Hello, I have a CK2610 purchased in spring 2021 it is a 2020 model. Since it was new, I have noticed that if I shut off the engine with the loader off the ground (regardless of load or height) it slowly lowers to the ground. Sometimes within a couple hours or randomly sooner or later. This makes it frustrating to do functions like: using forks to hold up a kid's 4 wheeler to change oil or adjust chain... or when splitting wood, loading the bucket with wood to move to the wood pile .. gotta keep that engine running to hold it up.... honestly, I don't know if it would stay indefinitely with the engine running or not... My question is this.... is the bucket SUPPOSED to stay where I left it ? The dealer told me it's a safety thing and you shouldn't leave it raised in the event something or someone is under it. Seems like it would be more safe if it wasn't going to settle down in short order.


----------



## Bryan S (1 mo ago)

IN addition to the settling over short time, is it normal when lowering the bucket or forks, and you CURL to remain level with your load, that the bucket or forks briefly DUMP first, unless I have the engine at full throttle, then usually this doesn't happen then. But, I prefer to run at mid throttle when moving light loads and need precision placement.


----------



## Fedup (Feb 25, 2014)

Most likely the dealer told you that because he knew it would be a hard sell to repair it, file a warranty claim and actually get paid for it.
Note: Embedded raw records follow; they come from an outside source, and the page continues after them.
(* Let $\delta>0$ and positive integers $d',p$. Define $\mathcal N^{RS}_\delta:\mathbb{R}^{d'}\times\mathbb{R}^p\to\mathbb{R}^p$ by $y_k=1+\sum_{j\in[d']}\mathcal N^C_\delta(x_k,x_j)$ for $k\in[d']$ and $\mathcal N^{RS}_\delta(\mathbf{x},\mathbf{r})[i]=\sum_{k\in[d']}\mathcal N^{IFP}(x_k,r_i-y_k)$ for $i\in[p]$. If $\mathbf{x}\in[0,1]^{d'}$ is such that for all $j\ne k$ either $|x_j-x_k|\ge\delta$ or $x_j=x_k=0$, and $\mathbf{r}\in\{1,\dots,d'\}^p$, then the output $\mathbf{x}'=\mathcal N^{RS}_\delta(\mathbf{x},\mathbf{r})$ satisfies $x'_i=\mathcal R_{r_i}(\mathbf{x})$ for all $i\in[p]$. Further, for arbitrary $\mathbf{x}\in\mathbb{R}^{d'}$, $|x'_i|\le d'\|\mathbf{x}\|_\infty$. Moreover, $\mathcal N^{RS}_\delta$ is a ReLU network with 2 hidden layers, width at most $\max(2{d'}^2+2d'+2p,\,4pd')$, and magnitudes of weights bounded by $\frac1\delta$.
   Context: $\mathcal N^C_\delta(x_1,x_2)=\left[\frac1\delta(x_1-x_2)\right]_+-\left[\frac1\delta(x_1-x_2-\delta)\right]_+$ (comparison network) and $\mathcal N^{IFP}(x,s)=[x+s]_+-[x+s-1]_+-[s]_++[s-1]_+$ (indicator function product network), where $[z]_+=\max\{0,z\}$. $\mathcal R_r(\mathbf{x})$ is the $r$-th entry of $\mathbf{x}$ in ascending sorted order. Width is the number of neurons in the largest hidden layer. *)

From HB Require Import structures.
From mathcomp Require Import all_boot all_order all_algebra.
Set Implicit Arguments. Unset Strict Implicit. Unset Printing Implicit Defensive.
Import Order.TTheory GRing.Theory Num.Theory.
Local Open Scope ring_scope.

Section Defs.
Variable R : realFieldType.

Definition relu (z : R) : R := Num.max 0 z.

Definition NC (delta x1 x2 : R) : R :=
  relu ((x1 - x2) / delta) - relu ((x1 - x2 - delta) / delta).

Definition NIFP (x s : R) : R :=
  relu (x + s) - relu (x + s - 1) - relu s + relu (s - 1).

Definition NRS_y (delta : R) (d : nat) (x : 'I_d -> R) (k : 'I_d) : R :=
  1 + \sum_(j < d) NC delta (x k) (x j).

Definition NRS (delta : R) (d p : nat) (x : 'I_d -> R) (r : 'I_p -> R)
  (i : 'I_p) : R :=
  \sum_(k < d) NIFP (x k) (r i - NRS_y delta x k).

(* R_r(x): the r-th entry (1-indexed) of x in ascending sorted order *)
Definition rank_stat (d : nat) (x : 'I_d -> R) (r : nat) : R :=
  nth 0 (sort <=%R [seq x i | i <- enum 'I_d]) r.-1.

Definition sup_norm (d : nat) (x : 'I_d -> R) : R :=
  \big[Num.max/0]_(i < d) `|x i|.

Definition reluv (n : nat) (v : 'cV[R]_n) : 'cV[R]_n := map_mx relu v.

Definition net2 (n0 n1 n2 n3 : nat)
  (W1 : 'M[R]_(n1, n0)) (b1 : 'cV[R]_n1)
  (W2 : 'M[R]_(n2, n1)) (b2 : 'cV[R]_n2)
  (W3 : 'M[R]_(n3, n2)) (b3 : 'cV[R]_n3) (v : 'cV[R]_n0) : 'cV[R]_n3 :=
  W3 *m reluv (W2 *m reluv (W1 *m v + b1) + b2) + b3.

Definition mx_bounded (m n : nat) (c : R) (A : 'M[R]_(m, n)) : Prop :=
  forall i j, `|A i j| <= c.

Definition net_input (d p : nat) (x : 'I_d -> R) (r : 'I_p -> R)
  : 'cV[R]_(d + p) :=
  col_mx (\col_(j < d) x j) (\col_(j < p) r j).

End Defs.

(* On inputs separated by delta every comparison N^C_delta(x_k, x_j) is exactly
   the indicator of x_j < x_k, so y_k - 1 counts the entries strictly below x_k;
   since the nonzero entries are pairwise distinct, this is the position of x_k
   in the sorted sequence whenever x_k <> 0.  For x in [0, 1] and an integer n,
   N^IFP(x, n) is x if n = 0 and 0 otherwise, hence output i is the sum of the
   entries of rank r_i: the unique nonzero one if the r_i-th order statistic is
   nonzero, and nothing otherwise.  Writing ramp for the clamp to [0, 1], we have
   N^C_delta(a, b) = ramp((a - b)/delta) and N^IFP(x, s) = ramp(x + s) - ramp(s);
   as ramp is 1-Lipschitz, |N^IFP(x, s)| <= |x|, which gives the magnitude bound.
   The network computes the 2d^2 + 2d + 2p ReLUs of the comparisons and of
   +-x_k, +-(r_i - 1) in its first layer and the 4pd ReLUs of the N^IFP in its
   second one, with all weights in {0, +-1, +-1/delta}. *)

From HB Require Import structures.
From mathcomp Require Import all_boot all_order all_algebra.
From mathcomp Require Import ring lra zify.

Set Implicit Arguments.
Unset Strict Implicit.
Unset Printing Implicit Defensive.
Import Order.TTheory GRing.Theory Num.Theory.
Local Open Scope ring_scope.

Lemma count_lt_nth_sorted disp (T : porderType disp) (x0 : T) (s : seq T) m :
  sorted <=%O s -> (m < size s)%N -> count_mem (nth x0 s m) s = 1%N ->
  count (fun y => (y < nth x0 s m)%O) s = m.
Proof.
move=> s_sorted ms v_once; set v := nth x0 s m.
have s_split : s = take m s ++ v :: drop m.+1 s.
  by rewrite -(drop_nth x0 ms) cat_take_drop.
have size_take_m : size (take m s) = m by rewrite size_take ms.
have before_le : all (fun y => (y <= v)%O) (take m s).
  apply/(all_nthP x0) => i; rewrite size_take_m => im; rewrite nth_take //.
  by apply: le_sorted_leq_nth => //; rewrite ?inE /=; lia.
have after_ge : all (fun y => (v <= y)%O) (drop m.+1 s).
  apply/(all_nthP x0) => i; rewrite size_drop => im; rewrite nth_drop.
  by apply: le_sorted_leq_nth => //; rewrite ?inE /=; lia.
have v_notin_take : v \notin take m s.
  rewrite -has_pred1 has_count -leqNgt.
  by move: v_once; rewrite {2}s_split count_cat /= eqxx -/v add1n; lia.
rewrite s_split count_cat /= ltxx add0n.
have -> : count (fun y => (y < v)%O) (drop m.+1 s) = 0%N.
  apply/eqP; rewrite -leqn0 leqNgt -has_count.
  by apply/hasPn => y /(allP after_ge)/le_gtF ->.
rewrite addn0 -{2}size_take_m; apply/eqP; rewrite -all_count; apply/allP => y hy.
by rewrite lt_neqAle (allP before_le y hy) andbT; apply: contraNneq v_notin_take => <-.
Qed.

Section Ramp.
Variable R : realFieldType.
Implicit Types (a b s t x delta : R).

Lemma ger0_relu t : 0 <= t -> relu t = t.
Proof. by move=> t_ge0; rewrite /relu max_r. Qed.

Lemma ler0_relu t : t <= 0 -> relu t = 0.
Proof. by move=> t_le0; rewrite /relu max_l. Qed.

Lemma relu_subN t : relu t - relu (- t) = t.
Proof.
have [t_ge0 | t_lt0] := lerP 0 t.
  by rewrite ger0_relu // ler0_relu ?oppr_le0 // subr0.
by rewrite ler0_relu ?ger0_relu ?oppr_ge0 ?sub0r ?opprK // ltW.
Qed.

Lemma relu_cases t : (0 <= t /\ relu t = t) \/ (t <= 0 /\ relu t = 0).
Proof.
have [t_ge0 | t_lt0] := lerP 0 t; first by left; rewrite ger0_relu.
by right; rewrite ler0_relu ltW.
Qed.

Definition ramp t : R := relu t - relu (t - 1).

Lemma ramp_le0 t : t <= 0 -> ramp t = 0.
Proof. by move=> t_le0; rewrite /ramp !ler0_relu ?subr0 //; lra. Qed.

Lemma ramp_ge1 t : 1 <= t -> ramp t = 1.
Proof. by move=> t_ge1; rewrite /ramp !ger0_relu; [ring | lra | lra]. Qed.

Lemma ramp_id t : 0 <= t <= 1 -> ramp t = t.
Proof.
by move=> /andP[t_ge0 t_le1]; rewrite /ramp ger0_relu // ler0_relu ?subr0 //; lra.
Qed.

Lemma ramp_lipschitz a b : `|ramp a - ramp b| <= `|a - b|.
Proof.
have := ler_norm (a - b); have := ler_norm (b - a); rewrite distrC => ? ?.
rewrite ler_norml /ramp.
have [[? ->]|[? ->]] := relu_cases a; have [[? ->]|[? ->]] := relu_cases (a - 1);
have [[? ->]|[? ->]] := relu_cases b; have [[? ->]|[? ->]] := relu_cases (b - 1);
by apply/andP; split; lra.
Qed.

Lemma NC_ramp delta a b : delta != 0 -> NC delta a b = ramp ((a - b) / delta).
Proof.
by move=> delta_neq0; rewrite /NC /ramp; congr (_ - relu _); field.
Qed.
My first guess would be whoever supplied the loader and related components used an inexpensive valve, and it just doesn't have close enough tolerances to hold a load. The "drop briefly before raising" is a classic example of lesser quality valves with ineffective (or no) load checks. 

Whether or not you should be stuck replacing it with a better unit in order to use it effectively is not my call. 

Safety thing? Not hardly.


----------



## pogobill (Jan 31, 2012)

Welcome to the forum. It is inconvenient when the boom or bucket settles or weeps down. My boom stays up, but my bucket weeps a little. I use a ratchet strap, 2" to tie my forks back when needing to hold a load. Just be careful not to dump the bucket with the strap on!


----------



## ArtDK35SE (2 mo ago)

I have a New Holland 1220 and a DK35SE HST. The booms and buckets on both tractors don't move from their positions (regardless of the position they are in) after I shut-off the engines. I have to move the joysticks in order to lower them.


----------



## ck3510hb (Sep 12, 2016)

On my 3510 there is lock control to be used when working like you mention. It won't fix the problem but may prevent leak down while working on atv etc.


----------